Magdalena (Anna Moliner) y Serafina (Lara Grube) son hermanas e hijas del portugués duque de Avero (José Luis Alcobendas), y ambas son ingeniosas, tanto como para urdir un engaño que les permita: a la primera, rechazar a un noble para casarse y atraer a Mireno/ Don Dionis (Pablo Béjart), supuestamente plebeyo y de una timidez extrema que le impide moverse con naturalidad en la esfera social y declararle su amor; a la segunda, vestirse de hombre y protagonizar un juego de identidades y una bonita escena metateatral (donde Tirso habla de teatro por su boca), que le hará caer en brazos de don Antonio (Javier Carramiñana).

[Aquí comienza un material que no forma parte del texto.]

(* Fix a $C^0$-concept over a topologized field $\mathbb{K}$. Let $E,F\in\mathcal{M}$, $U\subseteq E$ open, $f\colon U\to F$ a map and $k\in\mathbb{N}_0\cup\{\infty\}$. If there is an open cover $(U_i)_{i\in I}$ of $U$ such that $f|_{U_i}\colon U_i\to F$ is of class $C^k$ for each $i\in I$, then $f$ is of class $C^k$.
   Context: Let $\mathbb{K}$ be a commutative ring with unit (here a field) carrying a topology. A $C^0$-concept over $\mathbb{K}$ consists of: (a) a class $\mathcal{M}$ of topologized $\mathbb{K}$-modules with $\mathbb{K}\in\mathcal{M}$; (b) for $E,F\in\mathcal{M}$ and open $U\subseteq E$, a set $C^0(U,F)$ of continuous maps; (c) for $E_1,E_2\in\mathcal{M}$ a topology on $E_1\times E_2$ (not necessarily the product topology) making it a member of $\mathcal{M}$; subject to: (I.1) composites of $C^0$-maps are $C^0$, identities and inclusions of open subsets are $C^0$; (I.2) $x\mapsto rx+b$ is $C^0$; (I.3) $t\mapsto tv+x$ is $C^0$; (I.4) $\mathbb{K}^\times$ is open and inversion is $C^0$; (I.5) a map whose restrictions to the members of an open cover of its domain are $C^0$ is $C^0$; (II.1) projections and $v\mapsto(v,y)$, $w\mapsto(x,w)$ are $C^0$; (II.2) $f_1\times f_2$ is $C^0$ for $C^0$-maps $f_i$; (II.3) diagonals are $C^0$; (II.4) exchange/associativity maps of products are $C^0$ both ways; (II.5) addition and scalar multiplication are $C^0$; (III) a $C^0$-map on open $U\subseteq\mathbb{K}$ is determined by its values on $U\cap\mathbb{K}^\times$. For open $V\subseteq X$, $V^{[1]}=\{(x,v,t)\in V\times X\times\mathbb{K}:x+tv\in V\}$; a $C^0$-map $g$ is $C^1$ if there is a $C^0$-map $g^{[1]}$ on $V^{[1]}$ with $g(x+tv)-g(x)=t\,g^{[1]}(x,v,t)$; recursively $g$ is $C^{k+1}$ if $C^k$ and $g^{[k]}$ is $C^1$, $g^{[k+1]}=(g^{[k]})^{[1]}$ on $V^{[k+1]}=(V^{[k]})^{[1]}$; $C^\infty$ = $C^k$ for all $k$. *)

From HB Require Import structures.
From mathcomp Require Import all_boot all_order all_algebra.
From mathcomp Require Import boolp classical_sets.
Unset Printing Implicit Defensive.
Import GRing.Theory.
Local Open Scope ring_scope.
Local Open Scope classical_set_scope.

Definition is_topology (T : Type) (op : set (set T)) : Prop :=
  [/\ op setT, op set0,
      (forall A B, op A -> op B -> op (A `&` B)) &
      (forall (I : Type) (F : I -> set T), (forall i, op (F i)) ->
         op (\bigcup_i F i))].

Record TMod (K : fieldType) := TModule {
  tcar : lmodType K;
  topen : set (set tcar) }.
Arguments TModule {K}.
Arguments topen {K} _ _.
Arguments tcar {K} _.

(** The raw data of a C^0-concept over K:
    - [inM]  : the class M of topologized K-modules;
    - [ptop] : the chosen topology on E1 x E2 (not necessarily the product one);
    - [C0 E F U f] : "f|_U belongs to C^0(U,F)".  Maps U -> F are represented
      by total functions E -> F; only their values on U matter (axiom C0_ext). *)
Record C0data (K : fieldType) := C0Data {
  inM : TMod K -> Prop;
  ptop : forall A B : TMod K, set (set (tcar A * tcar B)%type);
  C0 : forall A B : TMod K, set (tcar A) -> (tcar A -> tcar B) -> Prop }.

Arguments inM {K} c _.
Arguments ptop {K} c A B _.
Arguments C0 {K} c A B _ _.

Section Concept.
Variables (K : fieldType) (tauK : set (set K)) (D : C0data K).

Definition Kobj : TMod K := TModule (K^o)%type tauK.

Definition tprod (A B : TMod K) : TMod K :=
  TModule (tcar A * tcar B)%type (ptop D A B).

(** Continuity of f|_U : U -> F for the subspace topology on U. *)
Definition cont_on (A B : TMod K) (U : set (tcar A)) (f : tcar A -> tcar B) :=
  forall W, topen B W -> exists O, topen A O /\ O `&` U = U `&` f @^-1` W.

Record C0concept : Prop := {
  M_top : forall A, inM D A -> is_topology _ (topen A);
  M_K : inM D Kobj;
  M_prod : forall A B, inM D A -> inM D B -> inM D (tprod A B);
  C0_cont : forall A B U f, inM D A -> inM D B -> topen A U ->
     C0 D A B U f -> cont_on A B U f;
  C0_ext : forall A B U f g, inM D A -> inM D B -> topen A U ->
     C0 D A B U f -> (forall x, U x -> f x = g x) -> C0 D A B U g;
  C0_comp : forall A B C U V f g, inM D A -> inM D B -> inM D C ->
     topen A U -> topen B V -> (forall x, U x -> V (f x)) ->
     C0 D A B U f -> C0 D B C V g -> C0 D A C U (g \o f);
  C0_id : forall A U, inM D A -> topen A U -> C0 D A A U id;
  C0_affine : forall A (r : K) (b : tcar A), inM D A ->
     C0 D A A setT (fun x => r *: x + b);
  C0_line : forall A (v x : tcar A), inM D A ->
     C0 D Kobj A setT (fun t : K^o => t *: v + x);
  units_open : topen Kobj [set t : K^o | t != 0];
  C0_inv : C0 D Kobj Kobj [set t : K^o | t != 0] (fun t : K^o => (t : K)^-1);
  C0_local : forall A B (U : set (tcar A)) f (I : Type) (Ui : I -> set (tcar A)),
     inM D A -> inM D B -> topen A U -> (forall i, topen A (Ui i)) ->
     \bigcup_i Ui i = U -> (forall i, C0 D A B (Ui i) f) -> C0 D A B U f;
  C0_fst : forall A B, inM D A -> inM D B ->
     C0 D (tprod A B) A setT (fun p => p.1);
  C0_snd : forall A B, inM D A -> inM D B ->
     C0 D (tprod A B) B setT (fun p => p.2);
  C0_pairl : forall A B (y : tcar B), inM D A -> inM D B ->
     C0 D A (tprod A B) setT (fun v => (v, y));
  C0_pairr : forall A B (x : tcar A), inM D A -> inM D B ->
     C0 D B (tprod A B) setT (fun w => (x, w));
  C0_prodmap : forall A1 A2 B1 B2 U1 U2 f1 f2,
     inM D A1 -> inM D A2 -> inM D B1 -> inM D B2 ->
     topen A1 U1 -> topen A2 U2 -> C0 D A1 B1 U1 f1 -> C0 D A2 B2 U2 f2 ->
     C0 D (tprod A1 A2) (tprod B1 B2) [set p | U1 p.1 /\ U2 p.2]
        (fun p => (f1 p.1, f2 p.2));
  C0_diag : forall A, inM D A -> C0 D A (tprod A A) setT (fun x => (x, x));
  C0_swap : forall A B, inM D A -> inM D B ->
     C0 D (tprod A B) (tprod B A) setT (fun p => (p.2, p.1));
  C0_assoc : forall A B C, inM D A -> inM D B -> inM D C ->
     C0 D (tprod (tprod A B) C) (tprod A (tprod B C)) setT
        (fun p => (p.1.1, (p.1.2, p.2)));
  C0_assocV : forall A B C, inM D A -> inM D B -> inM D C ->
     C0 D (tprod A (tprod B C)) (tprod (tprod A B) C) setT
        (fun p => ((p.1, p.2.1), p.2.2));
  C0_add : forall A, inM D A -> C0 D (tprod A A) A setT (fun p => p.1 + p.2);
  C0_scale : forall A, inM D A ->
     C0 D (tprod Kobj A) A setT (fun p => (p.1 : K) *: p.2);
  C0_unique : forall B (U : set K^o) f g, inM D B -> topen Kobj U ->
     C0 D Kobj B U f -> C0 D Kobj B U g ->
     (forall t, U t -> t != 0 -> f t = g t) -> forall t, U t -> f t = g t }.

Fixpoint itM (A : TMod K) (k : nat) : TMod K :=
  match k with
  | 0 => A
  | k.+1 => tprod (tprod (itM A k) (itM A k)) Kobj
  end.

Fixpoint itV (A : TMod K) (V : set (tcar A)) (k : nat) : set (tcar (itM A k)) :=
  match k return set (tcar (itM A k)) with
  | 0 => V
  | k.+1 => fun p => itV A V k p.1.1 /\ itV A V k (p.1.1 + (p.2 : K) *: p.1.2)
  end.

Definition isCk (A B : TMod K) (V : set (tcar A)) (g : tcar A -> tcar B)
    (k : nat) : Prop :=
  exists gs : forall j : nat, tcar (itM A j) -> tcar B,
    [/\ (forall x, V x -> gs 0%N x = g x),
        (forall j, (j <= k)%N -> C0 D (itM A j) B (itV A V j) (gs j)) &
        (forall j, (j < k)%N -> forall p : tcar (itM A j.+1), itV A V j.+1 p ->
           gs j (p.1.1 + (p.2 : K) *: p.1.2) - gs j p.1.1
             = (p.2 : K) *: gs j.+1 p)].

End Concept.

Inductive ext_nat := Fin of nat | Infty.

Definition isC (K : fieldType) (tauK : set (set K)) (D : C0data K)
    (A B : TMod K) (V : set (tcar A)) (g : tcar A -> tcar B) (k : ext_nat) :=
  match k with
  | Fin n => isCk K tauK D A B V g n
  | Infty => forall n, isCk K tauK D A B V g n
  end.

(* A C^0 map g is C^(k+1) on V iff it has a difference quotient g^[1] on V^[1]
   (g(x + t v) - g(x) = t g^[1](x, v, t)) which is C^k; this recursive form of
   C^k is equivalent to the one by towers of maps. C^k maps are stable under
   pairing, composition, sums, scalar multiplication and inversion in K. Given a
   cover of U by the U_i, induct on k: U^[1] is covered by the U_i^[1] and by
   the open part where t != 0. On U_i^[1] take f_i^[1]; where t != 0 take the
   difference quotient t^-1 (f(x + t v) - f(x)), which is C^k since f is C^k on U
   by induction. These pieces agree on overlaps: off t = 0 they must equal the
   difference quotient, and the continuous f_i^[1] are then equal on the whole
   line through t = 0 by axiom (III). Gluing them gives f^[1], and f^[1] is C^k
   by induction. *)

From HB Require Import structures.
From mathcomp Require Import all_boot all_order all_algebra.
From mathcomp Require Import boolp classical_sets.
From mathcomp Require Import ring.
Import GRing.Theory.
Local Open Scope ring_scope.
Local Open Scope classical_set_scope.

Lemma glue_family (T R I : Type) (W : I -> set T) (G : I -> T -> R) (r : R) :
    (forall i j x, W i x -> W j x -> G i x = G j x) ->
  exists g : T -> R, forall i x, W i x -> g x = G i x.
Proof.
move=> agree.
exists (fun x => if pselect (exists i, W i x) is left ex then G (projT1 (cid ex)) x else r).
move=> i x Wix; case: pselect => [ex|]; last by case; exists i.
by case: cid => j Wjx /=; apply: agree.
Qed.

Lemma scale_diffquot (K : fieldType) (B : lmodType K) (a b s : K) (x y : B) :
  (a + s * b) *: (x + s *: y) - a *: x = s *: (b *: x + a *: y + s *: (b *: y)).
Proof.
rewrite !scalerDr !scalerDl !scalerA addrAC [a *: x + _]addrC addrK -scalerDl.
by rewrite -addrA -scalerDl; congr (_ *: _ + _ *: _); ring.
Qed.

Lemma inv_diffquot (K : fieldType) (t s v : K) : t != 0 -> t + s * v != 0 ->
  (t + s * v)^-1 - t^-1 = s * - (v * (t^-1 * (t + s * v)^-1)).
Proof. by move=> t0 tsv0; field; apply/andP. Qed.

(* Membership in M is inferred by instance resolution; the mode stops it from
   choosing the member itself. *)
Existing Class inM.
#[local] Hint Mode inM - - ! : typeclass_instances.

Arguments M_top {K tauK D} c {A _}.
Arguments M_K {K tauK D} c.
Arguments M_prod {K tauK D} c {A B _ _}.
Arguments C0_cont {K tauK D} c {A B U f _ _} _ _ _ _.
Arguments C0_ext {K tauK D} c {A B U f g _ _} _ _ _.
Arguments C0_comp {K tauK D} c {A B C U V f g _ _ _} _ _ _ _ _.
Arguments C0_id {K tauK D} c {A U _} _.
Arguments C0_affine {K tauK D} c {A} r b {_}.
Arguments units_open {K tauK D} c.
Arguments C0_inv {K tauK D} c.
Arguments C0_local {K tauK D} c {A B U f I Ui _ _} _ _ _ _.
Arguments C0_fst {K tauK D} c {A B _ _}.
Arguments C0_snd {K tauK D} c {A B _ _}.
Arguments C0_pairr {K tauK D} c {A B} x {_ _}.
Arguments C0_prodmap {K tauK D} c {A1 A2 B1 B2 U1 U2 f1 f2 _ _ _ _} _ _ _ _.
Arguments C0_diag {K tauK D} c {A _}.
Arguments C0_add {K tauK D} c {A _}.
Arguments C0_scale {K tauK D} c {A _}.
Arguments C0_unique {K tauK D} c {B U f g _} _ _ _ _ t _.

Section C0Concept.
Context {K : fieldType} {tauK : set (set K)} {D : C0data K}.
Hypothesis HD : C0concept K tauK D.

Local Notation KK := (Kobj K tauK).
Local Notation tp := (tprod K D).
Local Notation itM := (itM K tauK D).
Local Notation itV := (itV K tauK D).

#[local] Instance inM_K : inM D KK := M_K HD.

#[local] Instance inM_tprod A B : inM D A -> inM D B -> inM D (tp A B).
Proof. by move=> hA hB; apply: (M_prod HD). Qed.

#[local] Instance inM_itM A j : inM D A -> inM D (itM A j).
Proof. by move=> hA; elim: j => //= j IH; apply: inM_tprod. Qed.

Lemma open_setT {A} {hA : inM D A} : topen A setT.
Proof. by case: (M_top HD (A := A)). Qed.

Lemma open_setI {A U V} {hA : inM D A} : topen A U -> topen A V -> topen A (U `&` V).
Proof. by case: (M_top HD (A := A)) => _ _ + _; apply. Qed.

Lemma open_units : topen KK [set t : K^o | t != 0].
Proof. exact: units_open HD. Qed.

Lemma C0_sub {A B V V' f} {hA : inM D A} {hB : inM D B} :
  topen A V -> topen A V' -> V' `<=` V -> C0 D A B V f -> C0 D A B V' f.
Proof. by move=> hV hV' V'V cf; exact (C0_comp HD hV' hV V'V (C0_id HD hV') cf). Qed.

Lemma C0_setT_sub {A B V f} {hA : inM D A} {hB : inM D B} :
  topen A V -> C0 D A B setT f -> C0 D A B V f.
Proof. by move=> hV; apply: C0_sub open_setT hV _. Qed.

Las dos acabarán retozando en el lecho con sus amores, incluso antes de anunciarlo a su padre. A su alrededor, también todos los demás juegan a mentir y travestirse, como el gracioso (César Camino) o la prima doña Juana (María Besant), que aquí actúa como una maestra de ceremonias de los engaños.
La versión de Yolanda Pallín refuerza los personajes femeninos, y aunque puede que el argumento hoy nos resulte antiguo, es lo de menos, se trata de aceptar las convenciones, jugar a reírse, a ver cómo los personajes cambian de identidad y son descubiertos, a rastrear las tramas que se suceden como una caja de sorpresas. Las mejores escenas están escritas para las dos actrices: Moliner, soporta el peso de la función y resulta convincente, muy graciosa en la célebre escena en la que simula hablar en sueños sobre sus sentimientos en presencia de don Dionis; Serafina también anda resuelta en su escena clave, la del jardín en la que transmuta en hombre y se enamora de sí misma. Camino cumple bien como gracioso, mientras encuentro a Besant descontextualizada por su actualización del personaje. Sobre el vergonzoso al que da vida el joven Pablo Bejart descansa la otra línea argumental de la obra: para trepar en sociedad hay que valer y apartar la timidez.
El mamotreto de árbol que preside la producción lastra su desarrollo; además de una estética dudosa, complica el ritmo y el orden visual de la escena. El escenógrafo Alfonso Barajas ha diseñado un árbol que se desmonta en dos volúmenes (que mueven los actores) y que sirve para ambientar jardines y estancias naturales, mientras guarda también en su interior el sofá desde donde Magdalena habla en sueños. Para recrear el juego especular de la obra se recurre a recubrir foro y laterales de espejos. Y en estos tiempos tampoco podían faltar las imágenes proyectadas, algunas nos muestran mosaicos portugueses por aquello de que la acción se desarrolla en aquellas tierras, otras unos paraguas ¿en recuerdo de la producción de Marsillach?, pero ¿de verdad es necesario que nos proyecten la imagen del amado o amada cuando el personaje recita unos versos pensando en él o en ella?
Toda la obra transcurre en Carnaval, es como se explica la aparición de unos personajes que parecen sacados de un espectáculo de Comediants por su atavío, y que evidentemente refieren los disfraces del momento. Otro asunto son las danzas, que no guardan ninguna coherencia de época ni de otro tipo y parecen diseñadas para ridiculizar a los personajes. Y qué decir del coro (¿simulan aves?) que entra y sale de escena, ataviado con unas capitas verdes y despidiendo unas onomatopeyas pajariles que no logré descubrir qué función cumple como no sea despejar de trastos las escena. Afortunadamente, tanto los actores y el público contamos con el infalible texto de Tirso de Molina.